[Collected data entries]

Lemma quotient_pseudochar : pseudochar_le quotient nat.
Proof.
  split; [exists (fun n => n); auto|].
  intro c. destruct (cls_surj c) as [x ->].
  destruct (sys_countable _ _ _ sysF) as [s Hs].
  exists (fun n => cls_nbhd (s n) x). split; [intro n; apply qopn_cls_nbhd|].
  intro d. split; [|intros -> n; apply cls_nbhd_cls].
  intro H. destruct (cls_surj d) as [z ->]. apply cls_eq. intro j.
  destruct (sys_cube _ _ _ sysF j) as [j' [_ [He [Hsy Hc]]]].
  destruct (Hs j') as [n <-]. destruct (H n) as [u [Hu Hzu]]. apply cls_eq in Hzu.
  replace (iv z ** x) with ((iv z ** u) ** (iv (iv x ** u) ** e)).
  - apply Hc; auto.
  - rewrite mulg1, invgM, invgK, <- !mulA, !mulKVg. reflexivity.
Qed.

Lemma quotient_image : cont_hom_image G quotient.
Proof.
  exists cls. split; [|split].
  - intros V HV. exact HV.
  - intros x y. symmetry. apply cls_mul.
  - intro y. destruct (cls_surj y) as [x ->]. exists x. reflexivity.
Qed.

Lemma cls_img_small (V W : G -> Prop) : cube_root_nbhd G V W -> (forall z, kernel z -> W z) ->
  forall x z, cls_img (fun y => W (iv x ** y)) (cls z) -> V (iv x ** z).
Proof.
  intros [_ [He [Hs Hc]]] HkW x z [u [Hu Hzu]]. apply cls_eq in Hzu.
  replace (iv x ** z) with ((iv x ** u) ** (iv (iv z ** u) ** e)).
  - apply Hc; auto.
  - rewrite mulg1, invgM, invgK, <- !mulA, !mulKVg. reflexivity.
Qed.

End Quotient.

Fixpoint nat_of_list (l : list nat) : nat :=
  match l with [] => 0 | x :: l' => S (Cantor.to_nat (x, nat_of_list l')) end.

(* [fuel] bounds the recursion; [n] itself is always enough fuel. *)
Fixpoint list_of_nat_fuel (fuel n : nat) : list nat :=
  match fuel, n with
  | S f, S m => fst (Cantor.of_nat m) :: list_of_nat_fuel f (snd (Cantor.of_nat m))
  | _, _ => []
  end.

Definition list_of_nat (n : nat) : list nat := list_of_nat_fuel n n.

Lemma list_of_nat_fuelK l f : nat_of_list l <= f -> list_of_nat_fuel f (nat_of_list l) = l.
Proof.
  revert f; induction l as [|x l IH]; intros f Hf; [destruct f; reflexivity|].
  simpl in Hf. destruct f as [|f]; [lia|]. cbn [list_of_nat_fuel nat_of_list].
  rewrite Cantor.cancel_of_to. cbn [fst snd]. rewrite IH; [reflexivity|].
  pose proof (Cantor.to_nat_non_decreasing x (nat_of_list l)). lia.
Qed.

Lemma list_of_natK l : list_of_nat (nat_of_list l) = l.
Proof. apply list_of_nat_fuelK. reflexivity. Qed.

• What is required
An exact transcription of every record above is required.

• Solution for this problem
Lemma quotient_pseudochar : pseudochar_le quotient nat.
Proof.
  split; [exists (fun n => n); auto|].
  intro c. destruct (cls_surj c) as [x ->].
  destruct (sys_countable _ _ _ sysF) as [s Hs].
  exists (fun n => cls_nbhd (s n) x). split; [intro n; apply qopn_cls_nbhd|].
  intro d. split; [|intros -> n; apply cls_nbhd_cls].
  intro H. destruct (cls_surj d) as [z ->]. apply cls_eq. intro j.
  destruct (sys_cube _ _ _ sysF j) as [j' [_ [He [Hsy Hc]]]].
  destruct (Hs j') as [n <-]. destruct (H n) as [u [Hu Hzu]]. apply cls_eq in Hzu.
  replace (iv z ** x) with ((iv z ** u) ** (iv (iv x ** u) ** e)).
  - apply Hc; auto.
  - rewrite mulg1, invgM, invgK, <- !mulA, !mulKVg. reflexivity.
Qed.

Lemma quotient_image : cont_hom_image G quotient.
Proof.
  exists cls. split; [|split].
  - intros V HV. exact HV.
  - intros x y. symmetry. apply cls_mul.
  - intro y. destruct (cls_surj y) as [x ->]. exists x. reflexivity.
Qed.

Lemma cls_img_small (V W : G -> Prop) : cube_root_nbhd G V W -> (forall z, kernel z -> W z) ->
  forall x z, cls_img (fun y => W (iv x ** y)) (cls z) -> V (iv x ** z).
Proof.
  intros [_ [He [Hs Hc]]] HkW x z [u [Hu Hzu]]. apply cls_eq in Hzu.
  replace (iv x ** z) with ((iv x ** u) ** (iv (iv z ** u) ** e)).
  - apply Hc; auto.
  - rewrite mulg1, invgM, invgK, <- !mulA, !mulKVg. reflexivity.
Qed.

End Quotient.

Fixpoint nat_of_list (l : list nat) : nat :=
  match l with [] => 0 | x :: l' => S (Cantor.to_nat (x, nat_of_list l')) end.

(* [fuel] bounds the recursion; [n] itself is always enough fuel. *)
Fixpoint list_of_nat_fuel (fuel n : nat) : list nat :=
  match fuel, n with
  | S f, S m => fst (Cantor.of_nat m) :: list_of_nat_fuel f (snd (Cantor.of_nat m))
  | _, _ => []
  end.

Definition list_of_nat (n : nat) : list nat := list_of_nat_fuel n n.

Lemma list_of_nat_fuelK l f : nat_of_list l <= f -> list_of_nat_fuel f (nat_of_list l) = l.
Proof.
  revert f; induction l as [|x l IH]; intros f Hf; [destruct f; reflexivity|].
  simpl in Hf. destruct f as [|f]; [lia|]. cbn [list_of_nat_fuel nat_of_list].
  rewrite Cantor.cancel_of_to. cbn [fst snd]. rewrite IH; [reflexivity|].
  pose proof (Cantor.to_nat_non_decreasing x (nat_of_list l)). lia.
Qed.

Lemma list_of_natK l : list_of_nat (nat_of_list l) = l.
Proof. apply list_of_nat_fuelK. reflexivity. Qed.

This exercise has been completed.